Unlike the SqlProcedure, SqlFunction, and SqlTrigger attributes, the SqlUserDefinedAggregate attribute is required
by SQL Server for your class to be eligible for use as an aggregate.
Visual Studio SQL Server Database Projects do use this attribute for
deployment, and the attribute is included in the aggregate template,
but it also must be used in generic Class Library project code in order
for T-SQL registration of the aggregate to succeed.

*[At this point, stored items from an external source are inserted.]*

(* Let $\mathbb U=\{z\in\mathbb C:|z|<1\}$, let $\psi\in H^2(\mathbb U)$ and let $\phi:\mathbb U\to\mathbb U$ be analytic with $\|\phi\|_\infty=\sup_{z\in\mathbb U}|\phi(z)|<1$. Then the weighted composition operator $T_{\psi,\phi}f=\psi\cdot(f\circ\phi)$ and the composition operator $C_\phi f=f\circ\phi$ are nuclear (trace class) on $H^2(\mathbb U)$, and \[ \|T_{\psi,\phi}\|_1\le\frac{\|\psi\|_{H^2(\mathbb U)}}{1-\|\phi\|_\infty}. \]
   Context: $H^2(\mathbb U)$ is the Hardy space of holomorphic $f$ on $\mathbb U$ with $\|f\|_{H^2(\mathbb U)}=\sup_{0\le r<1}\bigl(\frac1{2\pi}\int_0^{2\pi}|f(re^{it})|^2dt\bigr)^{1/2}<\infty$. $\|T\|_1=\mathrm{tr}(\sqrt{T^*T})$ denotes the trace norm. *)

From Stdlib Require Import Reals.
From Coquelicot Require Import Coquelicot.
Open Scope R_scope.

Definition in_disk (z : C) : Prop := Cmod z < 1.

Definition holomorphic_on_disk (f : C -> C) : Prop :=
  forall z : C, in_disk z -> @ex_derive C_AbsRing C_NormedModule f z.

Definition circle_mean2 (f : C -> C) (r : R) : R :=
  / (2 * PI) * RInt (fun t => (Cmod (f (r * cos t, r * sin t)%R)) ^ 2) 0 (2 * PI).

Definition H2norm (f : C -> C) : Rbar :=
  Lub_Rbar (fun x => exists r : R, 0 <= r < 1 /\ x = sqrt (circle_mean2 f r)).

Definition in_H2 (f : C -> C) : Prop :=
  holomorphic_on_disk f /\ is_finite (H2norm f).

(** Real-valued H^2 norm (meaningful for f in H^2). *)
Definition H2n (f : C -> C) : R := real (H2norm f).

Definition sup_disk (phi : C -> C) : Rbar :=
  Lub_Rbar (fun x => exists z : C, in_disk z /\ x = Cmod (phi z)).

Definition wcomp_op (psi phi : C -> C) (f : C -> C) : C -> C :=
  fun z => Cmult (psi z) (f (phi z)).
Definition comp_op (phi : C -> C) (f : C -> C) : C -> C :=
  fun z => f (phi z).

Definition H2_functional (L : (C -> C) -> C) : Prop :=
  (forall f g, in_H2 f -> in_H2 g ->
     L (fun z => Cplus (f z) (g z)) = Cplus (L f) (L g)) /\
  (forall (c : C) f, in_H2 f -> L (fun z => Cmult c (f z)) = Cmult c (L f)) /\
  (exists M : R, forall f, in_H2 f -> Cmod (L f) <= M * H2n f).

Definition fnorm (L : (C -> C) -> C) : Rbar :=
  Lub_Rbar (fun x => exists f, in_H2 f /\ H2n f <= 1 /\ x = Cmod (L f)).

Fixpoint psum (a : nat -> C) (N : nat) : C :=
  match N with
  | O => RtoC 0
  | S n => Cplus (psum a n) (a n)
  end.

Definition nuclear_rep (T : (C -> C) -> (C -> C))
    (L : nat -> (C -> C) -> C) (y : nat -> C -> C) : Prop :=
  (forall n, H2_functional (L n)) /\
  (forall n, in_H2 (y n)) /\
  ex_series (fun n => real (fnorm (L n)) * H2n (y n)) /\
  (forall f, in_H2 f -> in_H2 (T f)) /\
  (forall f, in_H2 f ->
     is_lim_seq (fun N => H2n (fun z => Cminus (T f z) (psum (fun k => Cmult (L k f) (y k z)) N))) 0).

Definition nuclear (T : (C -> C) -> (C -> C)) : Prop :=
  exists L y, nuclear_rep T L y.

(** Nuclear norm = trace norm ||T||_1 (they coincide on Hilbert spaces). *)
Definition nuclear_norm (T : (C -> C) -> (C -> C)) : Rbar :=
  Glb_Rbar (fun x => exists L y, nuclear_rep T L y /\
                       x = Series (fun n => real (fnorm (L n)) * H2n (y n))).

From Stdlib Require Import Reals Lra Psatz Classical ClassicalEpsilon FunctionalExtensionality.
From Coquelicot Require Import Coquelicot.
Open Scope R_scope.

(* Let s = sup |phi| < 1 and fix a radius s < r < 1.  Cauchy's formula on the circle
   |z| = r expands every f in H^2 as f(w) = sum_n c_n(f) w^n on |w| <= s with error
   O((s/r)^N), and Cauchy-Schwarz on that circle gives |c_n(f)| <= r^-n ||f||.
   Hence T f = sum_n c_n(f) (psi phi^n) in H^2 with ||psi phi^n|| <= s^n ||psi||:
   a nuclear representation of weight at most sum_n (s/r)^n ||psi|| = ||psi|| / (1 - s/r),
   and letting r -> 1 gives the bound.  Cauchy's formula comes from Goursat's lemma
   for rectangles (allowing one point where only continuity is known), which yields
   a primitive on the disk and hence the vanishing of circle integrals of the
   difference quotient (f z - f w) / (z - w). *)

(** * Continuity and differentiability of complex-valued functions *)

Lemma norm_CR (x : C) : @norm R_AbsRing C_R_NormedModule x = Cmod x.
Proof.
  destruct x as [a b]. unfold norm; simpl. unfold prod_norm, Cmod; simpl.
  f_equal. unfold norm; simpl. unfold abs; simpl.
  rewrite !Rmult_1_r, <- !Rabs_mult, !Rabs_right; try ring; apply Rle_ge; nra.
Qed.

Lemma scal_CR (k : R) (v : C) : @scal R_Ring C_R_ModuleSpace k v = Cmult (RtoC k) v.
Proof.
  destruct v; unfold scal; simpl. unfold prod_scal, Cmult; simpl.
  unfold scal; simpl; unfold mult; simpl. f_equal; ring.
Qed.

Lemma Cmod_pair_le (a b : R) : Cmod (a, b) <= Rabs a + Rabs b.
Proof.
  replace ((a, b) : C) with (RtoC a + Ci * RtoC b)%C
    by (apply injective_projections; simpl; ring).
  eapply Rle_trans. apply Cmod_triangle.
  rewrite Cmod_mult, Cmod_Ci, !Cmod_R. lra.
Qed.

Aggregate classes must have four methods: Init, Accumulate, Merge, and Terminate. The Init
method is used to clean up as necessary from previous uses of this
aggregate instance, allowing it to re-start a new aggregate
computation. The Accumulate method accepts a SQL type for processing. The Terminate method returns a SQL type representing the result. And finally, the Merge method accepts an object typed as the aggregate class itself so that it can be combined with the executing instance.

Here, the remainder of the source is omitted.